Visibility All Year Long
For events that are held in the same city every year, maintaining awareness 365 days a year can be a challenge. But there are ways around that. New York Road Runners, which organizes the TCS New York City Marathon, organizes 50 smaller races around the city annually and has a youth running program that allows it to keep its main race relevant year-round. In Boston, Grilk notes that engagement doesn’t have to be formal. The BAA organizes casual running meet-ups along the Charles River and in city parks during the year to keep people thinking about the April marathon in Boston.
Then there are more concrete examples, as city officials in Lanzhou itself have figured out.
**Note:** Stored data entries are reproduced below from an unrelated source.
(* Let $k\ge 2$ and let $\mathcal{C}$ be the full flag code on $\mathbb{F}_q^{2k}$ constructed from a $k$-spread as described in the context. Let $\mathcal{F}=(\mathcal{F}_1,\ldots,\mathcal{F}_{2k-1})\in\mathcal{C}$ and let $\mathcal{X}=(\mathcal{X}_1,\ldots,\mathcal{X}_{2k-1})$ be a sequence of subspaces with $\mathcal{X}_i\subseteq\mathcal{F}_i$ for all $i$ and $\mathcal{X}_1=\cdots=\mathcal{X}_k=\{0\}$. If $\sum_{i=1}^{2k-1}d_S(\mathcal{F}_i,\mathcal{X}_i)\le k^2-1$, then there exists an index $i$ with $k<i<2k$ such that $\dim\mathcal{X}_i>2(i-k)$.
   Context: $q$ is a prime power; $d_S(\mathcal{U},\mathcal{V})=\dim(\mathcal{U}+\mathcal{V})-\dim(\mathcal{U}\cap\mathcal{V})$. Construction: let $\{\mathcal{S}_1,\ldots,\mathcal{S}_{q^k+1}\}$ be a $k$-spread of $\mathbb{F}_q^{2k}$ (a set of $q^k+1$ $k$-dimensional subspaces pairwise intersecting trivially), with full-rank $k\times 2k$ generator matrices $\mathrm{S}_i$. Let $\mathrm{W}_i=\begin{pmatrix}\mathrm{S}_i\\ \mathrm{S}_{i+1}\end{pmatrix}$ for $i\le q^k$ and $\mathrm{W}_{q^k+1}=\begin{pmatrix}\mathrm{S}_{q^k+1}\\ \mathrm{S}_1\end{pmatrix}$, let $\mathcal{W}_i^{(j)}$ be the row space of the first $j$ rows of $\mathrm{W}_i$, and $\mathcal{C}=\{(\mathcal{W}_i^{(1)},\ldots,\mathcal{W}_i^{(2k-1)}): 1\le i\le q^k+1\}$. *)

From HB Require Import structures.
From mathcomp Require Import all_boot all_algebra all_field.
Set Implicit Arguments. Unset Strict Implicit. Unset Printing Implicit Defensive.
Import GRing.Theory.
Local Open Scope ring_scope.

(* Subspaces of F^n are represented (mathcomp mxalgebra style) by the row
   spaces of matrices with n columns; dimension is \rank. *)

Definition subspace_dist (F : fieldType) (m1 m2 n : nat)
  (U : 'M[F]_(m1, n)) (V : 'M[F]_(m2, n)) : nat :=
  (\rank (U + V)%MS - \rank (U :&: V)%MS)%N.

Definition is_spread (F : fieldType) (k N : nat) (S : 'I_N -> 'M[F]_(k, k + k)) :=
  (forall i, \rank (S i) = k) /\
  (forall i j, i != j -> (S i :&: S j)%MS = 0).

Definition spreadW (F : fieldType) (k N : nat) (S : 'I_N.+1 -> 'M[F]_(k, k + k))
  (i : 'I_N.+1) : 'M[F]_(k + k, k + k) :=
  col_mx (S i) (S (ordS i)).

Definition first_rows (F : fieldType) (m n : nat) (j : nat) (W : 'M[F]_(m, n))
  : 'M[F]_(m, n) :=
  \matrix_(r, c) (if (r < j)%N then W r c else 0).

Definition flag_code_elt (F : fieldType) (k N : nat) (S : 'I_N.+1 -> 'M[F]_(k, k + k))
  (i : 'I_N.+1) (j : nat) : 'M[F]_(k + k, k + k) :=
  first_rows j (spreadW S i).

(** F_j is spanned by the first j rows of W_i, which is invertible because its
    two blocks span distinct, hence complementary, spread elements; so
    dim F_j = j and d_S(F_j, X_j) >= j - dim X_j.  If dim X_j <= 2(j - k) for
    all k < j < 2k, this gives d_S(F_j, X_j) >= min(j, 2k - j) for every j
    (X_j = 0 for j <= k), and these minima sum to k^2 > k^2 - 1. *)
From HB Require Import structures.
From mathcomp Require Import all_boot all_algebra all_field.
From mathcomp Require Import zify.
Import GRing.Theory.

Set Implicit Arguments.
Unset Strict Implicit.
Unset Printing Implicit Defensive.

Lemma ordS_neq n (i : 'I_n) : (1 < n)%N -> ordS i != i.
Proof.
move=> n_gt1; apply/eqP => /(congr1 val) /=; move: (val i) (ltn_ord i) => a.
rewrite leq_eqVlt => /predU1P [Sa_n | lt_Sa_n].
  by rewrite -Sa_n modnn; lia.
by rewrite modn_small //; lia.
Qed.

Lemma first_rows_pid_mx (F : fieldType) m n j (W : 'M[F]_(m, n)) :
  first_rows j W = (pid_mx j *m W)%R.
Proof.
apply/matrixP => r c; rewrite !mxE (bigD1 r) //= big1 ?addr0 => [|l /negbTE nlr].
  by rewrite mxE eqxx; case: (r < j)%N; rewrite ?mul1r ?mul0r.
by rewrite mxE eq_sym (inj_eq val_inj) nlr mul0r.
Qed.

Lemma rank_first_rows (F : fieldType) m n j (W : 'M[F]_(m, n)) :
  row_free W -> (j <= m)%N -> \rank (first_rows j W) = j.
Proof. by move=> freeW le_jm; rewrite first_rows_pid_mx mxrankMfree // rank_pid_mx. Qed.

Lemma rank_col_mx_disjoint (F : fieldType) m1 m2 n
    (A : 'M[F]_(m1, n)) (B : 'M[F]_(m2, n)) :
  (A :&: B)%MS = 0%R -> \rank (col_mx A B) = (\rank A + \rank B)%N.
Proof. by move=> capAB; rewrite -(addsmxE A B).1 mxrank_disjoint_sum. Qed.

Lemma subspace_dist_ge (F : fieldType) m1 m2 n
    (U : 'M[F]_(m1, n)) (V : 'M[F]_(m2, n)) :
  (\rank U - \rank V <= subspace_dist U V)%N.
Proof.
rewrite /subspace_dist.
have := mxrankS (addsmxSl U V); have := mxrankS (capmxSr U V); lia.
Qed.

Lemma sum_tent k : (\sum_(0 <= j < k + k) minn j (k + k - j))%N = (k ^ 2)%N.
Proof.
rewrite big_mkord big_split_ord /= -big_split /= (eq_bigr (fun=> k)) => [|i _].
  by rewrite sum_nat_const card_ord.
by have := ltn_ord i; lia.
Qed.

Section SpreadFlagCode.

Variables (F : fieldType) (k N : nat) (S : 'I_N.+1 -> 'M[F]_(k, k + k)).
Hypotheses (N_gt0 : (0 < N)%N) (spreadS : is_spread S).

Lemma row_free_spreadW i : row_free (spreadW S i).
Proof.
have [rankS capS] := spreadS.
by rewrite /row_free /spreadW rank_col_mx_disjoint ?capS 1?eq_sym ?ordS_neq // !rankS.
Qed.

Lemma rank_flag_code_elt i j :
  (j <= k + k)%N -> \rank (flag_code_elt S i j) = j.
Proof. exact/rank_first_rows/row_free_spreadW. Qed.

End SpreadFlagCode.

Local Open Scope ring_scope.

Theorem lemma4p12 (F : finFieldType) (q k : nat)
  (hq : #|{: F}| = q) (hk : (2 <= k)%N)
  (S : 'I_(q ^ k).+1 -> 'M[F]_(k, k + k))
  (hS : is_spread S)
  (i : 'I_(q ^ k).+1)
  (X : nat -> 'M[F]_(k + k))
  (hsub : forall j, (1 <= j <= (k + k).-1)%N -> (X j <= flag_code_elt S i j)%MS)
  (hzero : forall j, (1 <= j <= k)%N -> X j = 0)
  (hdist : (\sum_(1 <= j < k + k) subspace_dist (flag_code_elt S i j) (X j)
              <= k ^ 2 - 1)%N) :
  exists j : nat, [/\ (k < j)%N, (j < k + k)%N & (2 * (j - k) < \rank (X j))%N].
Proof.
have qk_gt0 : (0 < q ^ k)%N.
  by rewrite expn_gt0 -hq; apply/orP; left; apply/card_gt0P; exists 0.
have [/existsP [j /andP [lt_kj big_Xj]] | /existsPn small_X] :=
  boolP [exists j : 'I_(k + k), (k < j) && (2 * (j - k) < \rank (X j))]%N.
  by exists j.
have tent_le_dist j : (1 <= j < k + k)%N ->
    (minn j (k + k - j) <= subspace_dist (flag_code_elt S i j) (X j))%N.
  move=> /andP [j_ge1 lt_j_2k]; apply: leq_trans _ (subspace_dist_ge _ _).
  rewrite (rank_flag_code_elt qk_gt0 hS i (ltnW lt_j_2k)).
  have [le_jk | lt_kj] := leqP j k; first by rewrite hzero ?j_ge1 // mxrank0; lia.
  by have := small_X (Ordinal lt_j_2k); rewrite /= lt_kj -leqNgt; lia.
have tent_sum : (\sum_(1 <= j < k + k) minn j (k + k - j))%N = (k ^ 2)%N.
  by rewrite -(sum_tent k) [in RHS]big_ltn ?min0n //; lia.
suff : (k ^ 2 <= k ^ 2 - 1)%N by rewrite leqNgt ltn_subrL expn_gt0 (ltnW hk).
rewrite -{1}tent_sum; apply: leq_trans hdist; rewrite !big_nat.
exact: leq_sum tent_le_dist.
Qed.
Their annual marathon is staged in June, but their main square downtown serves as a reminder of the race every month of the year. There, you will find a towering statue depicting the race logo, two cartoonish figures running through the gardens and a wall that shows the best finish times each year in the race. No matter when you visit the city, there is dramatic evidence of their largest event.
Listen to Your Customers
It should go without saying the event organizers need to have a pulse on the needs of their participants. But as Running USA CEO Rich Harshbarger noted, organizers need to do even more. In this era of data collection, organizers need to do a better job mining that information to figure out how they can adjust to trends.
One interesting example that came out of such an effort was the TATA Mumbai Marathon in India. As Ashish Bhushan, the race’s director of business development, noted, the marathon recently undertook a deep survey of its participants, asking why people were interested in running the event. The answer differed based on how many times they had run the race. Initially, people were interested in achieving a fitness goal. Then it became a matter of recording a personal best. Over time, however, people came back for their ninth or 10th race because they felt running just made them better human beings. They reported being more attentive to their families, more productive at work, more engaged with their friends. That data led to a new marketing campaign for the race with the slogan of “Be Better.” In two words, the organizers used data to capture the essential “why” for people who were considering entering the race or coming back for more.
Impress Your Rights Holders
It never hurts to go the extra mile for the organizations bringing events to your host cities. That can be small gestures or they can be grand statements. In Lanzhou, the local organizing committee of the IAAF Global Running Conference definitely went the grand route. An hour after the Lanzhou International Marathon began, race officials and conference organizers moved over to the city square where yet another monument affiliated with the race was unveiled.
This one, however, had the conference logo as well as giant versions of the IAAF and the Chinese Athletics Association (the national governing body for the sport), which served as co-organizers. The monument was over 7 feet tall and will serve as a lasting legacy for a two-day business conference for years to come. (The LOC said it paid for the piece by selling local sponsorships.) If you think a proclamation from your mayor is enough to show appreciation, think about the impression this monument must have left for the IAAF as it considers future locations for its events. Not everyone can afford such an extravagance, of course, but thinking creatively about the impression your city leaves can lead to positive impressions in years to come.